(* A xi-paths: AB-paths whose end in B is xi *)
Definition N4 adj c (xi : V) : Prop := forall A B u k,
  inscribed adj A -> inscribed adj B ->
  ((rimpath adj c u k A B /\ iter k (next c) u = xi) \/
   (rimpath adj c u k B A /\ u = xi)) ->
  ~~ odd k.+1.

Definition N5 adj c (xi : V) : Prop := forall A B u k,
  inscribed adj A -> inscribed adj B -> A != B ->
  rimpath adj c u k A B -> u <> xi -> iter k (next c) u <> xi ->
  odd k.+1.

Definition Ncond (adj : rel V) (c : seq V) : Prop :=
  N1 adj c /\ N2 adj /\ exists xi, [/\ N3 adj xi, N4 adj c xi & N5 adj c xi].

Definition del_cliques (adj : rel V) (S : {set {set V}}) : rel V :=
  fun x y => adj x y && ~~ [exists Q in S, (x \in Q) && (y \in Q)].

Definition sunoid (adj : rel V) (c : seq V) : Prop :=
  [/\ multisun adj c, Ncond adj c &
      forall S : {set {set V}},
        (forall Q, Q \in S -> inscribed adj Q) ->
        (exists Q, inscribed adj Q /\ Q \notin S) ->
        Ncond (del_cliques adj S) c].

(* labels: None = eps, Some None = sigma, Some (Some X) = letter of X *)
Definition label (adj : rel V) (v : V) : option (option {set V}) :=
  let K := [set Q : {set V} | inscribed adj Q && (v \in Q)] in
  if 2 <= #|K| then Some None
  else if [pick Q in K] is Some Q then Some (Some Q) else None.

Definition rimword (adj : rel V) (c : seq V) : seq (option (option {set V})) :=
  map (label adj) c.

End Graphs.

From Pilot Require Import Defs.
From mathcomp Require Import all_boot zify.
Set Implicit Arguments. Unset Strict Implicit. Unset Printing Implicit Defensive.

(* Read the rim from [xi], labelled sigma, in one direction.  For an
   inscribed clique [A], N1 in the sub-multisun keeping only [A] (which
   contains [xi]) makes all gaps between consecutive occurrences of the letter
   of [A] odd, counting both ends of the reading; N5 in the sub-multisun
   keeping only [A] and [B] makes the gap from an [A] to the next [B] even.
   These parities force, for any two letters, that the occurrences of one pair
   up into intervals containing all occurrences of the other: one letter
   encloses the other.  An enclosed letter lies strictly inside an interval of
   its encloser, so it is farther from sigma and comes later in the induced
   order; hence the induced order is the enclosure order.  Two letters
   adjacent in the word then form a cover pair, because a letter strictly
   between them in the order would have to change its count parity between
   two adjacent positions. *)

Section Enclosure.
Variables (A : eqType) (eps : A).

Fixpoint encl_from (x y : A) (px py : bool) (s : seq A) : bool :=
  if s is a :: s' then
    [&& (a == y) ==> px, (a == x) ==> ~~ py &
        encl_from x y (px (+) (a == x)) (py (+) (a == y)) s']
  else ~~ px.

(* Pairing the [x]'s of [s] consecutively, every [y] lies inside a pair and
   no [x] inside a pair of [y]'s. *)
Definition encloses x y s := encl_from x y false false s.

Lemma encl_from_filter x y px py s :
  encl_from x y px py [seq a <- s | (a == x) || (a == y)] = encl_from x y px py s.
Proof.
elim: s px py => [|a s IH] px py //=.
case: ifP => H /=; first by rewrite IH.
move/negbT: H; rewrite negb_or => /andP[/negbTE -> /negbTE ->] /=.
by rewrite !addbF IH.
Qed.

Lemma encloses_eq_filter x y s1 s2 :
  [seq a <- s1 | (a == x) || (a == y)] = [seq a <- s2 | (a == x) || (a == y)] ->
  encloses x y s1 = encloses x y s2.
Proof. by rewrite /encloses -encl_from_filter => ->; rewrite encl_from_filter. Qed.

Lemma encl_fromP x y px py s d :
  encl_from x y px py s <->
  [/\ px (+) odd (count_mem x s) = false,
      forall j, j < size s -> nth d s j = y -> px (+) odd (count_mem x (take j s)) &
      forall j, j < size s -> nth d s j = x -> ~~ (py (+) odd (count_mem y (take j s)))].
Proof.
elim: s px py => [|a s IH] px py /=.
  by rewrite addbF; split=> [/negbTE|[]->].
split.
- case/and3P => H1 H2 /IH [K1 K2 K3]; split.
  + by rewrite oddD oddb addbA K1.
  + case=> [|j] /= Hj; first by move=> E; move: H1; rewrite E eqxx addbF.
    by move=> /K2 -/(_ Hj); rewrite oddD oddb addbA.
  + case=> [|j] /= Hj; first by move=> E; move: H2; rewrite E eqxx addbF.
    by move=> /K3 -/(_ Hj); rewrite oddD oddb addbA.
- move=> [K1 K2 K3]; apply/and3P; split.
  + by apply/implyP => /eqP E; move: (K2 0 erefl E); rewrite /= addbF.
  + by apply/implyP => /eqP E; move: (K3 0 erefl E); rewrite /= addbF.
  + apply/IH; split; first by move: K1; rewrite /= oddD oddb addbA.
      by move=> j Hj E; move: (K2 j.+1 Hj E); rewrite /= oddD oddb addbA.
    by move=> j Hj E; move: (K3 j.+1 Hj E); rewrite /= oddD oddb addbA.
Qed.

Lemma enclosesP x y s d :
  encloses x y s <->
  [/\ ~~ odd (count_mem x s),
      forall j, j < size s -> nth d s j = y -> odd (count_mem x (take j s)) &
      forall j, j < size s -> nth d s j = x -> ~~ odd (count_mem y (take j s))].
Proof.
rewrite /encloses (encl_fromP _ _ _ _ _ d) /=.
by split=> -[K1 K2 K3]; split=> //; [exact: negbT|exact: negbTE].
Qed.

Lemma encloses_between x y s j : x != y -> encloses x y s -> j < size s ->
  nth eps s j = y ->
  exists i1 i2, [/\ i1 < j < i2, i2 < size s, nth eps s i1 = x & nth eps s i2 = x].
Proof.
move=> Nxy /(enclosesP _ _ _ eps) [Kend Ky _] Hj Ej.
have Hodd := Ky j Hj Ej.
have Xt : x \in take j s by rewrite -has_pred1 has_count (odd_gt0 Hodd).
have Xd : x \in drop j s.
  rewrite -has_pred1 has_count; apply: odd_gt0.
  move: Kend; rewrite -{1}(cat_take_drop j s) count_cat oddD Hodd.
  by case: (odd _).
have Hsj : size (take j s) = j by rewrite size_take Hj.
have I1 : index x (take j s) < j by move: Xt; rewrite -index_mem Hsj.
have I2 : index x (drop j s) < size s - j by move: Xd; rewrite -index_mem size_drop.
have E2 : nth eps s (j + index x (drop j s)) = x by rewrite -nth_drop nth_index.
exists (index x (take j s)), (j + index x (drop j s)); split.
- rewrite I1 /=; case E0: (index x (drop j s)) => [|k]; last by lia.
  by move: E2; rewrite E0 addn0 Ej => /eqP; rewrite eq_sym (negbTE Nxy).
- lia.
- by rewrite -(nth_take _ I1) nth_index.
- exact: E2.
Qed.

Lemma foldr_minn_le N l e : e \in l -> foldr minn N l <= e.
Proof.
elim: l => [|a l IH] //=; rewrite in_cons => /orP[/eqP->|/IH H].
  exact: geq_minl.
exact: leq_trans (geq_minr _ _) H.
Qed.

Lemma foldr_minn_gt N l m : m < N -> all (fun e => m < e) l -> m < foldr minn N l.
Proof.
move=> HN; elim: l => [|a l IH] //= /andP[Ha Hl].
by rewrite ltn_min Ha IH.
Qed.

Lemma mindist_le v x j : j < size v -> nth eps v j = x ->
  mindist eps v x <= minn j (size v - j).
Proof.
move=> Hj E; rewrite /mindist; apply: foldr_minn_le.
apply/mapP; exists j => //; rewrite mem_filter mem_iota /= E eqxx; lia.
Qed.

Lemma mindist_gt v x m : m < size v ->
  (forall j, j < size v -> nth eps v j = x -> m < minn j (size v - j)) ->
  m < mindist eps v x.
Proof.
move=> HN H; rewrite /mindist; apply: foldr_minn_gt => //.
apply/allP => e /mapP [j]; rewrite mem_filter mem_iota => /andP[/eqP E /andP[_ Hj]] ->.
apply: H => //; lia.
Qed.

(* Each [y] sits strictly inside an [x]-interval, whose ends are both
   cyclically closer to position [0]. *)
Lemma mindist_encloses v x y : x != y -> encloses x y v -> y \in v ->
  mindist eps v x < mindist eps v y.
Proof.
move=> Nxy Hxy Yv; have Hy : index y v < size v by rewrite index_mem.
have [i1 [i2 [/andP[A1 A2] A3 A4 A5]]] :=
  encloses_between Nxy Hxy Hy (nth_index eps Yv).
have Hm := mindist_le (ltn_trans A1 Hy) A4.
apply: mindist_gt; first by apply: leq_ltn_trans Hm _; apply: leq_ltn_trans (geq_minl _ _) _; lia.
move=> j Hj Ej.
have [k1 [k2 [/andP[B1 B2] B3 B4 B5]]] := encloses_between Nxy Hxy Hj Ej.
have M1 := mindist_le (ltn_trans B1 Hj) B4.
have M2 := mindist_le B3 B5.
rewrite ltn_min; apply/andP; split.
  by apply: leq_ltn_trans M1 _; apply: leq_ltn_trans (geq_minl _ _) _.
apply: leq_ltn_trans M2 _; apply: leq_ltn_trans (geq_minr _ _) _; lia.
Qed.

End Enclosure.

Lemma marked_ind (m : nat -> bool) (P : nat -> Prop) i0 :
  m i0 -> P i0 ->
  (forall i j, i0 <= i -> i < j -> m i -> m j -> (forall l, i < l < j -> ~~ m l) ->
     P i -> P j) ->
  forall j, i0 <= j -> m j -> P j.
Proof.
move=> m0 P0 step.
have claim k : exists i, [/\ i0 <= i <= i0 + k, m i, P i &
                     forall l, i < l <= i0 + k -> ~~ m l].
  elim: k => [|k [i [H1 H2 H3 H4]]].
    by exists i0; split => //; [rewrite addn0 leqnn|move=> l; lia].
  case E: (m (i0 + k.+1)).
    exists (i0 + k.+1); split => //; first by rewrite leq_addr leqnn.
      apply: (step i) => //; first by case/andP: H1.
        by case/andP: H1 => _ H; rewrite addnS ltnS.
      move=> l /andP[Hl1 Hl2]; apply: H4; rewrite Hl1 /=; lia.
    move=> l; lia.
  exists i; split => //; first by case/andP: H1 => -> H /=; rewrite addnS; lia.
  move=> l /andP[Hl1 Hl2].
  case: (ltngtP l (i0 + k.+1)) Hl2 => // [Hlt _|-> _]; last by rewrite E.
  by apply: H4; rewrite Hl1 /=; rewrite addnS ltnS in Hlt.
move=> j Hj mj; have [i [H1 H2 H3 H4]] := claim (j - i0).
rewrite (subnKC Hj) in H1 H4.
case/andP: H1 => _ Hij.
case: (ltngtP i j) Hij => // [Hlt _|<- //].
by move: (H4 j); rewrite Hlt leqnn mj => /(_ isT).
Qed.

Section ParityPattern.
Variables (A : eqType) (eps : A) (r : seq A).
Let n := size r.

Definition odd_gaps (Z : A) := forall i j, i < j -> j <= n ->
  (i == 0) || (nth eps r i == Z) -> (j == n) || (nth eps r j == Z) ->
  (forall l, i < l < j -> nth eps r l != Z) -> odd (j - i).

Definition even_cross_gaps (Z W : A) := forall i j, 0 < i -> i < j -> j < n ->
  nth eps r i = Z -> nth eps r j = W ->
  (forall l, i < l < j -> (nth eps r l != Z) && (nth eps r l != W)) -> ~~ odd (j - i).

Let cnt Z i := count_mem Z (take i r).

Lemma count_take_succ Z i : Z != eps -> cnt Z i.+1 = cnt Z i + (nth eps r i == Z).
Proof.
move=> HZ; rewrite /cnt.
case: (ltnP i (size r)) => Hi.
  by rewrite (take_nth eps Hi) -cats1 count_cat /= addn0.
rewrite !take_oversize ?(leq_trans Hi) // nth_default //.
by rewrite eq_sym (negbTE HZ) addn0.
Qed.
○ ○ ○ ○ ○
=== WHAT YOU ARE ASKED TO DO ===
Return exactly, and only, the line containing "Let cnt Z i := count_mem Z (take i r)." and every line after it through the end of the material.

=== TASK SOLUTION ===
Let cnt Z i := count_mem Z (take i r).

Lemma count_take_succ Z i : Z != eps -> cnt Z i.+1 = cnt Z i + (nth eps r i == Z).
Proof.
move=> HZ; rewrite /cnt.
case: (ltnP i (size r)) => Hi.
  by rewrite (take_nth eps Hi) -cats1 count_cat /= addn0.
rewrite !take_oversize ?(leq_trans Hi) // nth_default //.
by rewrite eq_sym (negbTE HZ) addn0.
Qed.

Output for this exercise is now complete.